> _The task_: From the data below, retype exactly the lines starting with the one that contains "exists d, 0 < d /\ forall" and ending with the one that contains "destruct (Nat.eq_dec e k) as [-> | Hne].", both included.

━━━━━ Provided records

Lemma tends_at_infty_comp (g phi : R -> R) L :
  tends_at_infty g L -> continuity_pt phi L ->
  tends_at_infty (fun t => phi (g t)) (phi L).
Proof.
  intros Hg Hphi eps Heps.
  destruct (continuity_pt_locally phi L Hphi eps Heps) as [del [Hdel Hnear]].
  destruct (Hg del Hdel) as [T HT].
  exists T; intros t Ht; exact (Hnear _ (HT t Ht)).
Qed.

Lemma tends_at_infty_esum m (g : nat -> R -> R) (L : nat -> R) :
  (forall e, (e < m)%nat -> tends_at_infty (g e) (L e)) ->
  tends_at_infty (fun t => esum m (fun e => g e t)) (esum m L).
Proof.
  induction m as [| k IH]; intros Hg; simpl.
  - intros eps Heps; exists 0; intros; rewrite Rminus_diag, Rabs_R0; lra.
  - apply (tends_at_infty_plus (fun t => esum k (fun e => g e t)) (g k)).
    + apply IH; intros; apply Hg; lia.
    + apply Hg; lia.
Qed.

Lemma finite_common_radius (P : nat -> R -> Prop) m :
  (forall e d d', 0 < d' <= d -> P e d -> P e d') ->
  (forall e, (e < m)%nat -> exists d, 0 < d /\ P e d) ->
  exists d, 0 < d /\ forall e, (e < m)%nat -> P e d.
Proof.
  intros Hmon. induction m as [| k IH]; intros Hex.
  - exists 1; split; [lra | intros; lia].
  - destruct IH as [d1 [Hd1 H1]]; [intros e He; apply Hex; lia |].
    destruct (Hex k ltac:(lia)) as [d2 [Hd2 H2]].
    pose proof (Rmin_pos _ _ Hd1 Hd2) as Hmin.
    exists (Rmin d1 d2); split; [exact Hmin |]. intros e He.
    destruct (Nat.eq_dec e k) as [-> | Hne].
    + apply (Hmon k d2); [split; [exact Hmin | apply Rmin_r] | exact H2].
    + apply (Hmon e d1); [split; [exact Hmin | apply Rmin_l] | apply H1; lia].
Qed.

Lemma esum_ext m g h : (forall e, (e < m)%nat -> g e = h e) -> esum m g = esum m h.
Proof. induction m; simpl; intros H; [reflexivity |]. rewrite IHm, H; auto. Qed.

Lemma esum_le m g h : (forall e, (e < m)%nat -> g e <= h e) -> esum m g <= esum m h.
Proof.
  induction m; simpl; intros H; [lra |].
  specialize (IHm ltac:(auto)). specialize (H m ltac:(lia)). lra.
Qed.

Lemma esum_const m c : esum m (fun _ => c) = INR m * c.
Proof. induction m; simpl esum; [simpl; ring | rewrite IHm, S_INR; ring]. Qed.

Lemma esum_nonneg m g : (forall e, (e < m)%nat -> 0 <= g e) -> 0 <= esum m g.
Proof.
  intros H. rewrite <- (Rmult_0_r (INR m)), <- esum_const. apply esum_le, H.
Qed.

Lemma esum_mulr m g k : esum m (fun e => g e * k) = esum m g * k.
Proof. induction m; simpl; [ring | rewrite IHm; ring]. Qed.

Lemma esum_split m g i : (i < m)%nat ->
  esum m g = g i + esum m (fun e => if Nat.eqb e i then 0 else g e).
Proof.
  induction m; simpl; intros Hi; [lia |].
  destruct (Nat.eq_dec i m) as [-> | Hne].
  - rewrite Nat.eqb_refl, Rplus_0_r, Rplus_comm. f_equal.
    apply esum_ext. intros e He. destruct (Nat.eqb_spec e m); [lia | reflexivity].
  - rewrite IHm by lia. destruct (Nat.eqb_spec m i); [lia | ring].
Qed.

Lemma derivable_pt_lim_esum m (F : R -> nat -> R) dF t :
  (forall e, (e < m)%nat -> derivable_pt_lim (fun s => F s e) t (dF e)) ->
  derivable_pt_lim (fun s => esum m (F s)) t (esum m dF).
Proof.
  induction m; simpl; intros H.
  - apply derivable_pt_lim_const.
  - apply (derivable_pt_lim_plus (fun s => esum m (F s)) (fun s => F s m)); auto.
Qed.

Section ParallelNetwork.

Variables (m : nat) (l : nat -> R) (f : nat -> R -> R) (x : R -> nat -> R) (istar : nat).

Hypothesis hl_pos : forall e, (e < m)%nat -> 0 < l e.
Hypothesis hf : forall e, (e < m)%nat -> standard_response (f e).
Hypothesis hx0 : forall e, (e < m)%nat -> 0 < x 0 e.
Hypothesis hcont0 : forall e, (e < m)%nat ->
  limit1_in (fun s => x s e) (fun s => 0 < s) (x 0 e) 0.
Hypothesis hode : forall t, 0 < t -> forall e, (e < m)%nat ->
  derivable_pt_lim (fun s => x s e) t (x t e * (f e (energy m l x t / l e) - 1)).
Hypothesis hi : (istar < m)%nat.
Hypothesis hmin : forall e, (e < m)%nat -> e <> istar -> l istar < l e.

Definition conductance t := esum m (fun e => x t e / l e).
Definition growth e s := f e (/ s / l e) - 1.
Definition conductance_rate t := esum m (fun e => x t e / l e * growth e (conductance t)).
Definition conductance_except t :=
  esum m (fun e => if Nat.eqb e istar then 0 else x t e / l e).

Lemma growth_decreasing e s1 s2 : (e < m)%nat -> 0 < s1 -> s1 < s2 ->
  growth e s2 < growth e s1.
Proof.
  intros He Hs1 Hs12. unfold growth.
  destruct (hf e He) as [_ [_ [Hinc _]]]. pose proof (hl_pos e He) as Hl.
  assert (Hinv : / s2 < / s1) by (apply Rinv_lt_contravar; [apply Rmult_lt_0_compat |]; lra).
  assert (Hpos : 0 < / s2 / l e) by (apply Rdiv_lt_0_compat; [apply Rinv_0_lt_compat |]; lra).
  assert (Hlt : / s2 / l e < / s1 / l e)
    by (apply Rmult_lt_compat_r; [apply Rinv_0_lt_compat |]; lra).
  specialize (Hinc _ _ Hpos (Rlt_trans _ _ _ Hpos Hlt) Hlt). lra.
Qed.

Lemma growth_nonincreasing e s1 s2 : (e < m)%nat -> 0 < s1 -> s1 <= s2 ->
  growth e s2 <= growth e s1.
Proof. intros He Hs1 [Hlt | <-]; [left; apply growth_decreasing; assumption | lra]. Qed.

Lemma growth_ge_m1 e s : (e < m)%nat -> 0 < s -> -1 <= growth e s.
Proof.
  intros He Hs. unfold growth. destruct (hf e He) as [Hnn _].
  pose proof (Hnn (/ s / l e)
    (Rlt_le _ _ (Rdiv_lt_0_compat _ _ (Rinv_0_lt_compat _ Hs) (hl_pos e He)))).
  lra.
Qed.

Lemma growth_threshold e : (e < m)%nat -> growth e (/ l e) = 0.
Proof.
  intros He. unfold growth. destruct (hf e He) as [_ [Hf1 _]]. pose proof (hl_pos e He).
  replace (/ / l e / l e) with 1 by (field; lra). lra.
Qed.

Lemma growth_pos e s : (e < m)%nat -> 0 < s < / l e -> 0 < growth e s.
Proof.
  intros He Hs. rewrite <- (growth_threshold e He). apply growth_decreasing; tauto.
Qed.

Lemma growth_neg e s : (e < m)%nat -> / l e < s -> growth e s < 0.
Proof.
  intros He Hs. rewrite <- (growth_threshold e He).
  apply growth_decreasing; [exact He | apply Rinv_0_lt_compat, hl_pos, He | exact Hs].
Qed.

Lemma growth_continuous_threshold e : (e < m)%nat -> continuity_pt (growth e) (/ l e).
Proof.
  intros He. pose proof (hl_pos e He) as Hl.
  assert (Hf1 : continuity_pt (f e) (/ / l e / l e)).
  { replace (/ / l e / l e) with 1 by (field; lra).
    destruct (hf e He) as [_ [_ [_ Hdf]]]. destruct (Hdf 1 Rlt_0_1) as [d Hd].
    exact (derivable_pt_lim_continuity_pt _ _ _ Hd). }
  assert (Hcomp := continuity_pt_comp (fun s => / s / l e) (f e) (/ l e)
                     ltac:(reg; apply Rinv_neq_0_compat; lra) Hf1).
  apply (continuity_pt_minus _ (fun _ => 1)) in Hcomp; [exact Hcomp | reg].
Qed.

Lemma inv_l_le_istar e : (e < m)%nat -> / l e <= / l istar.
Proof.
  intros He. destruct (Nat.eq_dec e istar) as [-> | Hne]; [lra |].
  left. apply Rinv_lt_contravar; [apply Rmult_lt_0_compat; auto | auto].
Qed.

Lemma inv_l_lt_istar e : (e < m)%nat -> e <> istar -> / l e < / l istar.
Proof. intros He Hne. apply Rinv_lt_contravar; [apply Rmult_lt_0_compat |]; auto. Qed.

Lemma x_derivable t e : 0 < t -> (e < m)%nat ->
  derivable_pt_lim (fun s => x s e) t (x t e * growth e (conductance t)).
Proof. intros Ht He. exact (hode t Ht e He). Qed.

Lemma conductance_split t : conductance t = x t istar / l istar + conductance_except t.
Proof. exact (esum_split m (fun e => x t e / l e) istar hi). Qed.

━━━━━━━━━━

> _Answer section_:
  exists d, 0 < d /\ forall e, (e < m)%nat -> P e d.
Proof.
  intros Hmon. induction m as [| k IH]; intros Hex.
  - exists 1; split; [lra | intros; lia].
  - destruct IH as [d1 [Hd1 H1]]; [intros e He; apply Hex; lia |].
    destruct (Hex k ltac:(lia)) as [d2 [Hd2 H2]].
    pose proof (Rmin_pos _ _ Hd1 Hd2) as Hmin.
    exists (Rmin d1 d2); split; [exact Hmin |]. intros e He.
    destruct (Nat.eq_dec e k) as [-> | Hne].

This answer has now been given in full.